(YOUR ASSIGNMENT): Take the data below and extract the lines from the one with "move=> PU0; have" to the one with "left; split => // a b aH bH ab.", inclusive, exactly as written.
** Opening INPUT block **
Lemma glex_lt_trans (X Y Z : {set T}) : glex_lt X Y -> glex_lt Y Z -> glex_lt X Z.
Proof.
rewrite /glex_lt.
case: (ltngtP #|X| #|Y|) => cXY /=; case: (ltngtP #|Y| #|Z|) => cYZ //=.
- by rewrite (ltn_trans cXY cYZ).
- by rewrite -cYZ cXY.
- by rewrite cXY cYZ.
move=> /existsP[e /andP[eXY /forallP eMin]] /existsP[f /andP[fYZ /forallP fMin]].
rewrite -cYZ cXY ltnn eqxx /=.
move: eXY fYZ; rewrite !inE => /andP[eY eX] /andP[fZ fY].
have {}eMin g : g \in (X :\: Y) :|: (Y :\: X) -> (e <= g)%O by apply/implyP.
have {}fMin g : g \in (Y :\: Z) :|: (Z :\: Y) -> (f <= g)%O by apply/implyP.
have splitXZ g : g \in (X :\: Z) :|: (Z :\: X) ->
    (g \in (X :\: Y) :|: (Y :\: X)) || (g \in (Y :\: Z) :|: (Z :\: Y)).
  by rewrite !inE; case: (g \in X); case: (g \in Y); case: (g \in Z).
case: (ltgtP e f) => ef.
- apply/existsP; exists e; rewrite !inE eX andbT /=; apply/andP; split.
    by apply: contraTN ef => eZ; rewrite -leNgt fMin // !inE eZ eY.
  apply/forallP => g; apply/implyP => /splitXZ /orP[gXY|gYZ]; first exact: eMin.
  exact: le_trans (ltW ef) (fMin g gYZ).
- apply/existsP; exists f; rewrite !inE fZ /=; apply/andP; split.
    by apply: contraLR ef => fX; rewrite -leNgt eMin // !inE fY fX.
  apply/forallP => g; apply/implyP => /splitXZ /orP[gXY|gYZ]; last exact: fMin.
  exact: le_trans (ltW ef) (eMin g gXY).
- by rewrite ef fY in eY.
Qed.

Lemma glex_least_exists n (S : {set {set T}}) U0 : #|S| <= n -> U0 \in S ->
  exists2 U, U \in S & forall V, V \in S -> (V == U) || glex_lt U V.
Proof.
elim: n S U0 => [|n IH] S U0 cS U0S.
  by move: cS; rewrite leqn0 => /eqP/cards0_eq S0; rewrite S0 inE in U0S.
have [/forall_inP U0min|] := boolP [forall V in S, (V == U0) || glex_lt U0 V].
  by exists U0.
move=> /forall_inPn[V VS /norP[VU0 VU0']].
have ltVU0 : glex_lt V U0 by have := glex_lt_total VU0; rewrite (negbTE VU0') orbF.
pose S' := [set W in S | glex_lt W U0].
have cS' : #|S'| <= n.
  suff /proper_card : S' \proper S by lia.
  rewrite properE; apply/andP; split; first by apply/subsetP => W; rewrite inE => /andP[].
  by apply/subsetPn; exists U0; rewrite // inE (negbTE (glex_lt_irr U0)) andbF.
have [|m mS' mmin] := IH S' V cS'; first by rewrite inE VS ltVU0.
move: (mS'); rewrite inE => /andP[mS mU0].
exists m => // W WS; have [WU0|nWU0] := boolP (glex_lt W U0).
  by apply: mmin; rewrite inE WS WU0.
have [->|WnU0] := eqVneq W U0; first by rewrite mU0 orbT.
have := glex_lt_total WnU0; rewrite (negbTE nWU0) /= => U0W.
by rewrite (glex_lt_trans mU0 U0W) orbT.
Qed.

Lemma glex_minP (P : pred {set T}) U0 : P U0 ->
  P (glex_min P) /\ forall V, P V -> #|glex_min P| <= #|V|.
Proof.
move=> PU0; have [|U PU Umin] := @glex_least_exists _ [set U | P U] U0 (leqnn _).
  by rewrite inE.
rewrite /glex_min; case: pickP => [W /andP[PW /forallP Wmin] | noMin].
  split => // V PV; have /implyP/(_ PV)/orP[/eqP ->//|] := Wmin V.
  by rewrite /glex_lt => /orP[/ltnW|/andP[/eqP -> _]].
exfalso; move: (noMin U); rewrite inE in PU; rewrite PU /=; move/negP; apply.
by apply/forallP => V; apply/implyP => PV; apply: Umin; rewrite inE.
Qed.

Lemma glex_min_cases (P : pred {set T}) : glex_min P = set0 \/ P (glex_min P).
Proof. by rewrite /glex_min; case: pickP => [W /andP[PW _]|_]; [right | left]. Qed.

End Glex.

Section Knuth.
Variables (d : Order.disp_t) (T : finOrderType d).
Variables (N : {set {set T}}) (U : {set {set T}}).

Definition knuth_terminal (Hs : {set {set T}}) : Prop :=
  forall a b : {set T}, a \in Hs -> b \in Hs -> a != b -> mrank N (a :&: b) != rk N.

Lemma knuth_stepP (Hs : {set {set T}}) :
  (knuth_step N Hs = Hs /\ knuth_terminal Hs) \/
  (exists a b, [/\ a \in Hs, b \in Hs, a != b, mrank N (a :&: b) == rk N &
     knuth_step N Hs = (Hs :\ a :\ b) :|: [set a :|: b]]).
Proof.
rewrite /knuth_step; case: pickP => [[a b] /= /and4P[aH bH ab rab]|noPair].
  by right; exists a, b.
left; split => // a b aH bH ab.
by move: (noPair (a, b)); rewrite /= aH bH ab /= => ->.
Qed.

Lemma card_knuth_merge (Hs : {set {set T}}) (a b : {set T}) :
  a \in Hs -> b \in Hs -> a != b -> #|(Hs :\ a :\ b) :|: [set a :|: b]| < #|Hs|.
Proof.
move=> aH bH ab; have := leq_card_setU (Hs :\ a :\ b) [set a :|: b].
rewrite cards1 (cardsD1 a Hs) aH (cardsD1 b (Hs :\ a)) !inE eq_sym ab bH /=.
by move=> /leq_of_leqif; rewrite !add1n ltnS addn1.
Qed.

Lemma knuth_step_terminal (Hs : {set {set T}}) : knuth_terminal Hs -> knuth_step N Hs = Hs.
Proof.
move=> term; case: (knuth_stepP Hs) => [[//]|[a [b [aH bH ab rab _]]]].
by move: (term a b aH bH ab); rewrite rab.
Qed.

Lemma knuth_out_terminal : knuth_terminal (knuth_out N U).
Proof.
rewrite /knuth_out; set H0 := knuth_init N U.
have progress i : knuth_terminal (iter i (knuth_step N) H0) \/
                  #|iter i (knuth_step N) H0| + i <= #|H0|.
  elim: i => [|i [term|IH]]; first by right; rewrite addn0.
    by left; rewrite iterS knuth_step_terminal.
  rewrite iterS; case: (knuth_stepP (iter i (knuth_step N) H0)) => [[-> term]|]; first by left.
  move=> [a [b [aH bH ab _ ->]]]; right.
  by rewrite addnS; apply: leq_trans IH; rewrite ltn_add2r card_knuth_merge.
case: (progress #|H0|) => // empty a b aH.
move: empty; rewrite -{3}[#|H0|]add0n leq_add2r leqn0 => /eqP /cards0_eq H0'.
by rewrite H0' inE in aH.
Qed.

Lemma knuth_out_ind (Q : pred {set T}) :
  (forall A, A \in knuth_init N U -> Q A) ->
  (forall a b, Q a -> Q b -> mrank N (a :&: b) = rk N -> Q (a :|: b)) ->
  forall H, H \in knuth_out N U -> Q H.
Proof.
move=> Qinit Qmerge; rewrite /knuth_out; set H0 := knuth_init N U.
elim: #|H0| => [|i IH] H //=; first exact: Qinit.
case: (knuth_stepP (iter i (knuth_step N) H0)) => [[-> _]|[a [b [aH bH ab /eqP rab ->]]]].
  exact: IH.
rewrite !inE => /orP[/and3P[_ _ /IH] //|/eqP ->].
by apply: Qmerge (IH _ aH) (IH _ bH) rab.
Qed.

Lemma knuth_out_cover (A : {set T}) : A \in knuth_init N U ->
  exists2 H, H \in knuth_out N U & A \subset H.
Proof.
move=> AH0; rewrite /knuth_out; set H0 := knuth_init N U.
elim: #|H0| => [|i [H HH AH]] /=; first by exists A.
case: (knuth_stepP (iter i (knuth_step N) H0)) => [[-> _]|[a [b [aH bH ab _ ->]]]].
  by exists H.
have [Hab|] := boolP ((H == a) || (H == b)).
  exists (a :|: b); first by rewrite !inE eqxx orbT.
  by apply: subset_trans AH _; case/orP: Hab => /eqP ->; rewrite ?subsetUl ?subsetUr.
by move=> /norP[Ha Hb]; exists H; rewrite // !inE Ha Hb HH.
Qed.

End Knuth.

Section Consecutive.
Variables (d : Order.disp_t) (T : finOrderType d).

Lemma consecutive_refl (U : {set T}) : consecutive U U.
Proof.
apply/forallP => e; apply/forallP => f; apply/forallP => g; apply/implyP.
by rewrite setDv inE !andbF.
Qed.

Lemma consecutive_setD1_extremal (W U : {set T}) m : consecutive W U ->
  ((forall x, x \in W -> (x <= m)%O) \/ (forall x, x \in W -> (m <= x)%O)) ->
  consecutive (W :\ m) U.
Proof.
move=> cW mExt; apply/forallP => e; apply/forallP => f; apply/forallP => g.
apply/implyP => /and3P[eW gW fU]; apply/negP => /andP[ef fg].
move: eW gW fU; rewrite !inE => /andP[em eW] /andP[gm gW] /andP[/negP fWm fU].
have fm : f != m.
  apply/eqP => fm; case: mExt => [mMax|mMin].
    by move: fg; rewrite fm ltNge mMax.
  by move: ef; rewrite fm ltNge mMin.
have fW : f \notin W by apply/negP => fW; apply: fWm; rewrite fm fW.
move: cW => /forallP/(_ e)/forallP/(_ f)/forallP/(_ g)/implyP.
by rewrite eW gW !inE fW fU ef fg => /(_ isT).
Qed.

Lemma min_max_distinct (W : {set T}) : 1 < #|W| ->
  exists mn mx, [/\ mn \in W, mx \in W, mn != mx,
    forall x, x \in W -> (mn <= x)%O & forall x, x \in W -> (x <= mx)%O].
Proof.
move=> W2; have [x0 x0W] : exists x0, x0 \in W by apply/card_gt0P; lia.
have [mx mxW mxMax] := has_greatest x0W.
have [mn mnW mnMin] := has_least x0W.
exists mn, mx; split => //; apply: contraTneq W2 => mnx.
have : W \subset [set mx].
  by apply/subsetP => x xW; rewrite inE eq_le mxMax //= -mnx mnMin.
by move/subset_leq_card; rewrite cards1 -leqNgt.
Qed.

End Consecutive.

Lemma subset_of_card (T : finType) (A : {set T}) j : j <= #|A| ->
  exists2 S : {set T}, S \subset A & #|S| = j.
Proof.
elim: j => [|j IH] jA; first by exists set0; rewrite ?sub0set ?cards0.
have [|S SA cS] := IH; first by lia.
have /subsetPn[x xA xS] : ~~ (A \subset S) by apply/negP => /subset_leq_card; lia.
by exists (x |: S); rewrite ?subUset ?sub1set ?xA // cardsU1 xS cS.
Qed.

Section Truncation.
Variables (d : Order.disp_t) (T : finOrderType d).
Variable M : {set {set T}}.
Hypothesis HM : is_matroid M.

Local Notation r := (mrank M).

Definition trunc (k : nat) : {set {set T}} := [set X in M | #|X| <= k].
** Closing INPUT block **
(SOLUTION FOR THIS TASK):
move=> PU0; have [|U PU Umin] := @glex_least_exists _ [set U | P U] U0 (leqnn _).
  by rewrite inE.
rewrite /glex_min; case: pickP => [W /andP[PW /forallP Wmin] | noMin].
  split => // V PV; have /implyP/(_ PV)/orP[/eqP ->//|] := Wmin V.
  by rewrite /glex_lt => /orP[/ltnW|/andP[/eqP -> _]].
exfalso; move: (noMin U); rewrite inE in PU; rewrite PU /=; move/negP; apply.
by apply/forallP => V; apply/implyP => PV; apply: Umin; rewrite inE.
Qed.

Lemma glex_min_cases (P : pred {set T}) : glex_min P = set0 \/ P (glex_min P).
Proof. by rewrite /glex_min; case: pickP => [W /andP[PW _]|_]; [right | left]. Qed.

End Glex.

Section Knuth.
Variables (d : Order.disp_t) (T : finOrderType d).
Variables (N : {set {set T}}) (U : {set {set T}}).

Definition knuth_terminal (Hs : {set {set T}}) : Prop :=
  forall a b : {set T}, a \in Hs -> b \in Hs -> a != b -> mrank N (a :&: b) != rk N.

Lemma knuth_stepP (Hs : {set {set T}}) :
  (knuth_step N Hs = Hs /\ knuth_terminal Hs) \/
  (exists a b, [/\ a \in Hs, b \in Hs, a != b, mrank N (a :&: b) == rk N &
     knuth_step N Hs = (Hs :\ a :\ b) :|: [set a :|: b]]).
Proof.
rewrite /knuth_step; case: pickP => [[a b] /= /and4P[aH bH ab rab]|noPair].
  by right; exists a, b.
left; split => // a b aH bH ab.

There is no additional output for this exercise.